Catholic devotion to Mary is richly deserved. Granted, Mary was a human person. She did, however, conceive, bear and raise the Divine. An honor reserved only to her. The respect given to her by the Catholic Church is reasonable. Where would Christianity be without her?

 

Catholic Devotion to Jesus’ Mother Mary

Devotion to Jesus’ mother is as old as Christianity. When Jesus began his active ministry and traveled all over the Galilee, Judea and beyond, Mary often traveled with him. She was no stranger to his friends. The Catholic Church takes the biblical passages about her very seriously and over the centuries has bestowed upon her various titles that reflect those roots.

Biblical Roots 

We learn about Mary primarily from Matthew (1-2) and Luke (1-2). Both open their Gospels with the infancy narratives. We are told in John 2:1-12  of the wedding at Cana and in John 19, that Mary was present at the foot of the cross.

Mary was Conceived without Original Sin

Catholics believe that every human since Adam and Eve have been conceived with Original Sin. The sins of disobedience and pride that caused Adam and Even to disobey God’s command, has been passed down to all their offspring. The sacrament of Baptism, washes away that original sin and brings people back into God’s grace.

The angel Gabriel greeted Mary with the words: “Hail, full of grace, the Lord is with you.” Gabriel’s description of Mary as “full of grace,” meant that she was without sin of any kind. She was born sinless. This is the basis for her title “Immaculate Conception.” Only a sinless person could conceive, carry and bear the Divine. To be singled out by God, from all possible generations, to bear His Son, is a significant honor.

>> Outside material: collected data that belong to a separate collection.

(* Let $f,g\in G_B^I$. Then $f\boxtimes g\in G_B^I$ and $f\boxtimes_1 g\in G_B^I$.
   Context: $B$ is a unital algebra over a field $\mathbb K$ of characteristic zero. $\mathrm{Mult}[[B]]$: sequences $f=(f_n)_{n\ge0}$ of multilinear maps $f_n:B^n\to B$; product $(f\cdot g)_n(x_1,\dots,x_n)=\sum_{k=0}^n f_k(x_1,\dots,x_k)g_{n-k}(x_{k+1},\dots,x_n)$; $I=(\delta_{n,1}\mathrm{id}_B)$. $G_B^{\mathrm{inv}}=\{f:f_0\in B^\times\}$, $G_B^{\mathrm{dif}}=\{f:f_0=0,f_1\in GL(B)\}$, $G_B^I=\{I\cdot F:F\in G_B^{\mathrm{inv}}\}$, where $(I\cdot F)_n(x_1,\dots,x_n)=x_1F_{n-1}(x_2,\dots,x_n)$; equivalently $G_B^I=\{f\in G_B^{\mathrm{dif}}: f_1(1)\in B^\times,\ f_n(x_1,\dots,x_n)=x_1f_n(1,x_2,\dots,x_n)\ \forall n\ge1\}$. Planar binary trees: $Y_0=\{|\}$, $Y_n=\{\sigma\vee\tau:\sigma\in Y_k,\tau\in Y_l,k+l=n-1\}$; each $\tau\in Y_n$, $n\ge1$, is uniquely $\tau_1\vee(\tau_2\vee(\cdots\vee(\tau_k\vee|)))$; $j_i=|\tau_1|+\dots+|\tau_i|+i$. $(f\cup g)_|=1$, $(f\cup g)_\tau(x_1,\dots,x_n)=g_k((g\cup f)_{\tau_1}(x_1,\dots,x_{j_1-1})x_{j_1},\dots,(g\cup f)_{\tau_k}(x_{j_{k-1}+1},\dots,x_{j_k-1})x_{j_k})$. $R(|)=|$, $R(\sigma\vee\tau)=(|\vee R(\sigma))\vee R(\tau)$. $(f\boxtimes g)_0=g_0$, $(f\boxtimes g)_n(x_1,\dots,x_n)=\sum_{\tau\in Y_n}(f\cup g)_{R(\tau)}(x_1,1,\dots,x_n,1)$; $(f\boxtimes_1 g)_0=0$, $(f\boxtimes_1 g)_n(x_1,\dots,x_n)=\sum_{\tau\in Y_{n-1}}(g\cup f)_{|\vee R(\tau)}(x_1,1,x_2,1,\dots,1,x_n)$ for $n\ge1$. *)

From HB Require Import structures.
From mathcomp Require Import all_boot all_order all_algebra.
Set Implicit Arguments. Unset Strict Implicit. Unset Printing Implicit Defensive.
Import GRing.Theory.
Local Open Scope ring_scope.

(* An element f of Mult[[B]] is represented as f : seq B -> B;
   f_n is the restriction of f to lists of length n. *)

Section Defs.
Variables (K : fieldType) (B : algType K).

Definition multilinear (f : seq B -> B) : Prop :=
  forall (l r : seq B) (a : K) (x y : B),
    f (l ++ (a *: x + y) :: r) = a *: f (l ++ x :: r) + f (l ++ y :: r).

Definition is_unitB (x : B) : Prop := exists y : B, x * y = 1 /\ y * x = 1.

Definition mprod (f g : seq B -> B) (xs : seq B) : B :=
  \sum_(k < (size xs).+1) f (take k xs) * g (drop k xs).

Definition Iseq (xs : seq B) : B := if xs is [:: x] then x else 0.

(* G_B^I = { I . F : F in G_B^inv } *)
Definition in_GI (f : seq B -> B) : Prop :=
  exists F : seq B -> B,
    [/\ multilinear F, is_unitB (F [::]) & forall xs, f xs = mprod Iseq F xs].

End Defs.

Inductive tree : Type := Leaf | Node of tree & tree.

Fixpoint tsize (t : tree) : nat :=
  match t with Leaf => 0 | Node l r => (tsize l + tsize r).+1 end.

(* treesF fuel n enumerates Y_n (fuel >= n suffices) *)
Fixpoint treesF (fuel n : nat) : seq tree :=
  match fuel with
  | 0 => if n is 0 then [:: Leaf] else [::]
  | fuel'.+1 =>
    match n with
    | 0 => [:: Leaf]
    | n'.+1 => flatten [seq [seq Node s t | s <- treesF fuel' k, t <- treesF fuel' (n' - k)]
                       | k <- iota 0 n'.+1]
    end
  end.

Definition Y (n : nat) : seq tree := treesF n n.

Fixpoint Rtree (t : tree) : tree :=
  match t with Leaf => Leaf | Node s u => Node (Node Leaf (Rtree s)) (Rtree u) end.

Section Cup.
Variables (K : fieldType) (B : algType K).

(* For tau = tau_1 v (tau_2 v ( ... v (tau_k v |))),
   cup f g tau xs = g [:: (g cup f)_{tau_1}(block_1) x_{j_1}; ...;
                          (g cup f)_{tau_k}(block_k) x_{j_k}],
   computed by the auxiliary [cup_args f g] along the right spine. *)
Fixpoint cup (f g : seq B -> B) (t : tree) (xs : seq B) {struct t} : B :=
  match t with
  | Leaf => 1
  | Node l r =>
      g ((cup g f l (take (tsize l) xs) * nth 0 xs (tsize l))
           :: cup_args f g r (drop (tsize l).+1 xs))
  end
with cup_args (f g : seq B -> B) (u : tree) (ys : seq B) {struct u} : seq B :=
  match u with
  | Leaf => [::]
  | Node l r =>
      (cup g f l (take (tsize l) ys) * nth 0 ys (tsize l))
        :: cup_args f g r (drop (tsize l).+1 ys)
  end.

Definition boxtimes (f g : seq B -> B) (xs : seq B) : B :=
  if xs is [::] then g [::]
  else \sum_(t <- Y (size xs)) cup f g (Rtree t) (flatten [seq [:: x; 1] | x <- xs]).

Definition boxtimes1 (f g : seq B -> B) (xs : seq B) : B :=
  if xs is x1 :: xs' then
    \sum_(t <- Y (size xs')) cup g f (Node Leaf (Rtree t))
                               (x1 :: flatten [seq [:: 1; x] | x <- xs'])
  else 0.

End Cup.

From Pilot Require Import Defs.
From HB Require Import structures.
From mathcomp Require Import all_boot all_order all_algebra zify.
Set Implicit Arguments. Unset Strict Implicit. Unset Printing Implicit Defensive.
Import GRing.Theory.
Local Open Scope ring_scope.

(* An element h of G_B^I is determined by its tail h(1, -), through
   h(x, xs) = x h(1, xs).  For every tree t of positive size, R(t) has the
   shape (| v R(s)) v R(u), so the first argument x of f boxtimes g enters
   (f cup g)_{R(t)} only as the first argument of an inner f, whence it can
   be pulled out through f and then through the outer g; similarly x enters
   (g cup f)_{| v R(t)} as the first argument of the outer f.  Each
   (f cup g)_t is multilinear because every input occupies exactly one slot
   of the argument list of its outer map, and that slot depends linearly on
   it.  Finally (f boxtimes g)_1(1) = g_1(f_1(1)) and
   (f boxtimes_1 g)_1(1) = f_1(1) are invertible. *)

Fixpoint tree_eqb (t u : tree) : bool :=
  match t, u with
  | Leaf, Leaf => true
  | Node a b, Node c d => tree_eqb a c && tree_eqb b d
  | _, _ => false
  end.

Lemma tree_eqP : Equality.axiom tree_eqb.
Proof.
elim=> [|a IHa b IHb] [|c d] /=; try by constructor.
case: (IHa c) => [->|neq_ac]; last by constructor; case.
case: (IHb d) => [->|neq_bd]; last by constructor; case.
by constructor.
Qed.

HB.instance Definition _ := hasDecEq.Build tree tree_eqP.

Lemma tsize_treesF fuel n t : t \in treesF fuel n -> Defs.tsize t = n.
Proof.
elim: fuel n t => [|fuel IH] [|n] t; try by rewrite /= inE => /eqP->.
  by rewrite /= in_nil.
move=> /flattenP[_ /mapP[k k_n ->] /allpairsP[[s u] [/= s_k u_nk ->]]] /=.
by rewrite (IH _ _ s_k) (IH _ _ u_nk); move: k_n; rewrite mem_iota; lia.
Qed.

Lemma tsize_Rtree t : Defs.tsize (Rtree t) = (2 * Defs.tsize t)%N.
Proof. by elim: t => //= s IHs u IHu; rewrite IHs IHu; lia. Qed.

Lemma Y_succ_node n t : t \in Y n.+1 -> exists s u, t = Node s u.
Proof. by case: t => [/tsize_treesF|s u _] //; exists s, u. Qed.

Section SlotLinearity.
Variables (K : fieldType) (B : algType K).
Implicit Types (h : seq B -> B) (P : seq B -> seq B).

Definition multilinear_on h N := forall l r a x y, (size l + size r).+1 = N ->
  h (l ++ (a *: x + y) :: r) = a *: h (l ++ x :: r) + h (l ++ y :: r).

Definition slotwise_linear P N := forall l r a x y, (size l + size r).+1 = N ->
  exists p q u v, [/\ P (l ++ (a *: x + y) :: r) = p ++ (a *: u + v) :: q,
                      P (l ++ x :: r) = p ++ u :: q
                    & P (l ++ y :: r) = p ++ v :: q].

Lemma multilinear_on_comp g P N :
  multilinear g -> slotwise_linear P N -> multilinear_on (g \o P) N.
Proof.
move=> mg linP l r a x y lr_N.
by have [p [q [u [v [/= -> -> ->]]]]] := linP l r a x y lr_N; apply: mg.
Qed.

Lemma slotwise_linear_cons h P n m :
  multilinear_on h n -> slotwise_linear P m ->
  slotwise_linear (fun ys => h (take n ys) * nth 0 ys n :: P (drop n.+1 ys)) (n + m).+1.
Proof.
move=> mh linP l r a x y lr_N.
have splitE L w R : size L = n ->
    h (take n (L ++ w :: R)) * nth 0 (L ++ w :: R) n :: P (drop n.+1 (L ++ w :: R))
    = h L * w :: P R.
  move=> <-; rewrite take_size_cat // nth_cat ltnn subnn.
  by rewrite -cat_rcons drop_size_cat ?size_rcons.
(* The varying input lies in the block fed to h, is the multiplier, or lies in
   the tail fed to P. *)
case: (ltngtP (size l) n) => [l_n|n_l|l_n].
- have [k def_n] : exists k, n = (size l + k.+1)%N by exists (n - size l).-1; lia.
  have k_r : (k < size r)%N by lia.
  have splitr z : l ++ z :: r = (l ++ z :: take k r) ++ nth 0 r k :: drop k.+1 r.
    by rewrite -catA /= -(drop_nth 0 k_r) cat_take_drop.
  have size_lr z : size (l ++ z :: take k r) = n.
    by rewrite size_cat /= size_takel ?def_n // ltnW.
  exists [::], (P (drop k.+1 r)), (h (l ++ x :: take k r) * nth 0 r k),
    (h (l ++ y :: take k r) * nth 0 r k).
  rewrite !splitr !splitE ?size_lr //=.
  by rewrite mh ?mulrDl ?scalerAl // -(size_lr x) size_cat addnS.
- have splitl z : l ++ z :: r = take n l ++ nth 0 l n :: (drop n.+1 l ++ z :: r).
    by rewrite -cat_cons -(drop_nth 0 n_l) catA cat_take_drop.
  have [p [q [u [v [Pa Px Py]]]]] := linP (drop n.+1 l) r a x y
    ltac:(rewrite size_drop; lia).
  exists (h (take n l) * nth 0 l n :: p), q, u, v.
  by rewrite !splitl !(splitE (take n l)) ?size_takel ?(ltnW n_l) // Pa Px Py.
- exists [::], (P r), (h l * x), (h l * y).
  by rewrite !(splitE l) // mulrDr scalerAr.
Qed.

Lemma multilinear_on_cup_of_args f g t : multilinear g ->
  slotwise_linear (cup_args f g t) (Defs.tsize t) ->
  multilinear_on (cup f g t) (Defs.tsize t).
Proof.
by case: t => [|s u] mg lin_t; [move=> l r /=; lia | apply: multilinear_on_comp].
Qed.

Lemma slotwise_linear_cup_args t f g : multilinear f -> multilinear g ->
  slotwise_linear (cup_args f g t) (Defs.tsize t).
Proof.
elim: t f g => [|s IHs u IHu] f g mf mg; first by move=> l r /=; lia.
exact: slotwise_linear_cons
  (multilinear_on_cup_of_args mf (IHs g f mg mf)) (IHu f g mf mg).
Qed.

Lemma multilinear_on_cup f g t : multilinear f -> multilinear g ->
  multilinear_on (cup f g t) (Defs.tsize t).
Proof.
by move=> mf mg; apply: multilinear_on_cup_of_args mg (slotwise_linear_cup_args mf mg).
Qed.

End SlotLinearity.

Lemma size_flatten_map_uniform (S T : Type) (F : S -> seq T) k (s : seq S) :
  (forall w, size (F w) = k) -> size (flatten (map F s)) = (k * size s)%N.
Proof.
by move=> size_F; elim: s => [|w s IH] /=; rewrite ?muln0 // size_cat size_F IH mulnS.
Qed.

Section GroupGI.
Variables (K : fieldType) (B : algType K).
Implicit Types (f g h F : seq B -> B).

Lemma mprod_Iseq_nil F : mprod (@Iseq K B) F [::] = 0.
Proof. by rewrite /mprod big_ord_recl big_ord0 /= mul0r addr0. Qed.

Lemma mprod_Iseq_cons F x xs : mprod (@Iseq K B) F (x :: xs) = x * F xs.
Proof.
rewrite /mprod /= big_ord_recl /= mul0r add0r big_ord_recl /= take0 drop0.
rewrite big1 ?addr0 // => i _.
by case: xs i => [[]|y ys i] //=; rewrite mul0r.
Qed.

Lemma in_GIE h : in_GI h ->
  exists F, [/\ h [::] = 0, forall x xs, h (x :: xs) = x * F xs & is_unitB (F [::])].
Proof.
case=> F [_ uF hF]; exists F; split=> // [|x xs]; rewrite hF.
  exact: mprod_Iseq_nil.
exact: mprod_Iseq_cons.
Qed.

Lemma in_GI_intro h : h [::] = 0 -> (forall x xs, h (x :: xs) = x * h (1 :: xs)) ->
  multilinear (fun xs => h (1 :: xs)) -> is_unitB (h [:: 1]) -> in_GI h.
Proof.
move=> h0 h_cons mh uh; exists (fun xs => h (1 :: xs)); split=> // -[|x xs].
  by rewrite mprod_Iseq_nil.
by rewrite mprod_Iseq_cons.
Qed.

Lemma in_GI_multilinear h : in_GI h -> multilinear h.
Proof.
case=> F [mF _ hF] [|x0 l] r a x y; rewrite !hF !mprod_Iseq_cons.
  by rewrite mulrDl scalerAl.
by rewrite mF mulrDr scalerAr.
Qed.

Lemma is_unitBM (u v : B) : is_unitB u -> is_unitB v -> is_unitB (u * v).
Proof.
case=> u' [uu' u'u] [v' [vv' v'v]]; exists (v' * u'); split.
  by rewrite mulrA -(mulrA u) vv' mulr1.
by rewrite mulrA -(mulrA v') u'u mulr1.
Qed.

Lemma big_seq_scale_add (I : eqType) (s : seq I) (F G H : I -> B) a :
  (forall i, i \in s -> F i = a *: G i + H i) ->
  \sum_(i <- s) F i = a *: \sum_(i <- s) G i + \sum_(i <- s) H i.
Proof. by move=> FGH; rewrite (eq_big_seq _ FGH) big_split /= scaler_sumr. Qed.

Lemma boxtimes_cons f g x xs : boxtimes f g (x :: xs) =
  \sum_(t <- Y (size xs).+1)
    cup f g (Rtree t) (x :: 1 :: flatten [seq [:: w; 1] | w <- xs]).
Proof. by []. Qed.

Lemma boxtimes1_cons f g x xs : boxtimes1 f g (x :: xs) =
  \sum_(t <- Y (size xs))
    cup g f (Node Leaf (Rtree t)) (x :: flatten [seq [:: 1; w] | w <- xs]).
Proof. by []. Qed.

Lemma boxtimes_in_GI f g : in_GI f -> in_GI g -> in_GI (boxtimes f g).
Proof.
move=> Gf Gg; have mf := in_GI_multilinear Gf; have mg := in_GI_multilinear Gg.
have [Ff [_ f_cons uf]] := in_GIE Gf; have [Fg [g0 g_cons ug]] := in_GIE Gg.
apply: in_GI_intro => [|x xs|l r a x y|].
- exact: g0.
- rewrite !boxtimes_cons mulr_sumr; apply: eq_big_seq => t /Y_succ_node[s [u ->]].
  by rewrite /= !g_cons !f_cons !mul1r !mulrA.
- have flattenE z : flatten [seq [:: w; 1] | w <- l ++ z :: r] =
      flatten [seq [:: w; 1] | w <- l]
        ++ z :: 1 :: flatten [seq [:: w; (1 : B)] | w <- r].
    by rewrite map_cat flatten_cat.
  cbv beta; rewrite !boxtimes_cons !size_cat.
  apply: big_seq_scale_add => t t_Y; rewrite !flattenE.
  apply: (multilinear_on_cup mf mg (l := 1 :: 1 :: flatten [seq [:: w; 1] | w <- l])).
  rewrite tsize_Rtree (tsize_treesF t_Y) /= !(size_flatten_map_uniform (k := 2)) //.
  lia.
- rewrite /boxtimes /= big_cons big_nil /= addr0 !g_cons !f_cons !mul1r !mulr1.
  exact: is_unitBM.
Qed.

Lemma boxtimes1_in_GI f g : in_GI f -> in_GI g -> in_GI (boxtimes1 f g).
Proof.
move=> Gf Gg; have mf := in_GI_multilinear Gf; have mg := in_GI_multilinear Gg.
have [Ff [_ f_cons uf]] := in_GIE Gf.
apply: in_GI_intro => [|x xs|l r a x y|] //.
- rewrite !boxtimes1_cons mulr_sumr; apply: eq_bigr => t _.
  by rewrite /= !f_cons !mul1r.
- have flattenE z : 1 :: flatten [seq [:: 1; w] | w <- l ++ z :: r] =
      rcons (1 :: flatten [seq [:: 1; w] | w <- l]) 1
        ++ z :: flatten [seq [:: (1 : B); w] | w <- r].
    by rewrite map_cat flatten_cat cat_rcons.
  cbv beta; rewrite !boxtimes1_cons !size_cat.
  apply: big_seq_scale_add => t t_Y; rewrite !flattenE.
  apply: (multilinear_on_cup mg mf).
  rewrite /= tsize_Rtree (tsize_treesF t_Y) size_rcons /=.
  rewrite !(size_flatten_map_uniform (k := 2)) //.
  lia.
- by rewrite /boxtimes1 /= big_cons big_nil /= addr0 !f_cons !mul1r.
Qed.

End GroupGI.

Theorem lemma3 (K : fieldType) (charK0 : [pchar K] =i pred0)
    (B : algType K) (f g : seq B -> B) :
  in_GI f -> in_GI g -> in_GI (boxtimes f g) /\ in_GI (boxtimes1 f g).
Proof. by move=> Gf Gg; split; [apply: boxtimes_in_GI | apply: boxtimes1_in_GI]. Qed.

To imagine that God would single out a sinful woman to bear his son is unthinkable.

God chose to take on human form, to live as a human, to experience what all humans experience. To accomplish this, he had to be born of a woman. The woman who carries and gives birth to the divine must herself be pure, in every sense of the word. She had to be a virgin, as God’s birth was the greatest thing the world has seen. God chose a sinless virgin so that He, Himself, could “open” Mary’s womb.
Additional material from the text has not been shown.